The fact that propaganda uses logical fallacies indicates its greatest danger: you can use it to propagate false or, as history shows, evil actions and beliefs. If you can use these techniques to promote positive changes (such as structured programming), you can also use them to promote negative changes—such as reverting to the poorest of the poor-quality processes, using the hack-and-debug development approach, and monkey testing.

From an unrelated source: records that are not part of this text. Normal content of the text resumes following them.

Lemma prodfXzl I (r : seq I) (P : pred I) (f : I -> F) (k : int) :
  \prod_(i <- r | P i) f i ^ k = (\prod_(i <- r | P i) f i) ^ k.
Proof.
by rewrite (big_morph (fun y => y ^ k) (fun y1 y2 => expfzMl y1 y2 k) (exp1rz _ k)).
Qed.

Lemma monomial_map_torus_pt m n (P : 'M[int]_(m, n)) x :
  torus_pt x -> torus_pt (monomial_map P x).
Proof. by move=> hx i; rewrite mxE; apply/prodf_neq0 => j _; exact: expfz_neq0. Qed.

Lemma monomial_mapM m n p (A : 'M[int]_(m, n)) (B : 'M[int]_(n, p)) x :
  torus_pt x -> monomial_map (A *m B) x = monomial_map A (monomial_map B x).
Proof.
move=> hx; apply/rowP => i; rewrite !mxE.
under eq_bigr => k _ do rewrite mxE expfz_sum //.
rewrite exchange_big /=; apply: eq_bigr => j _.
rewrite mxE -prodfXzl; apply: eq_bigr => k _.
by rewrite exprz_exp mulrC.
Qed.

Lemma monomial_map1 n x : monomial_map (1%:M : 'M[int]_n) x = x.
Proof.
apply/rowP => i; rewrite mxE (bigD1 i) //= big1 ?mulr1 => [|j ji].
  by rewrite mxE eqxx.
by rewrite mxE eq_sym (negbTE ji).
Qed.

Lemma monomial_map_invmx n (U : 'M[int]_n) x : U \in unitmx -> torus_pt x ->
  monomial_map U (monomial_map (invmx U) x) = x.
Proof. by move=> hU hx; rewrite -monomial_mapM // mulmxV // monomial_map1. Qed.

Lemma monomial_map_mul m n (P : 'M[int]_(m, n)) c z :
  monomial_map P (torus_mul c z) = torus_mul (monomial_map P c) (monomial_map P z).
Proof.
apply/rowP => i; rewrite !mxE -big_split; apply: eq_bigr => j _.
by rewrite mxE expfzMl.
Qed.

As a Certified Software Development Professional, I subscribe to the Software Engineering Code of Ethics and Professional Practice, which doesn't support using logical fallacies—even for good and noble objectives; the ends do not justify the means. Granted, the ends may be in the public interest (Principle 1) or "in the best interests of the client and employer" (Principle 2), but the product—the method of convincing people to follow a course of action—wouldn't "meet the highest professional standards possible" (Principle 3). Willfully using logical fallacies is a violation of your "integrity … in professional judgment" (Principle 4) and isn't "an ethical approach" for a leader in the profession to take (Principle 5). If you use logical fallacies and are found out, it harms "the integrity and reputation of the profession" (Principle 6). Using logical fallacies to convince your colleagues to follow a course of action is neither "fair to" nor "supportive of" them (Principle 7). I won't use logical fallacies but will market ideas with reason and logic, because to do otherwise doesn't "promote an ethical approach to the practice of the profession" (Principle 8).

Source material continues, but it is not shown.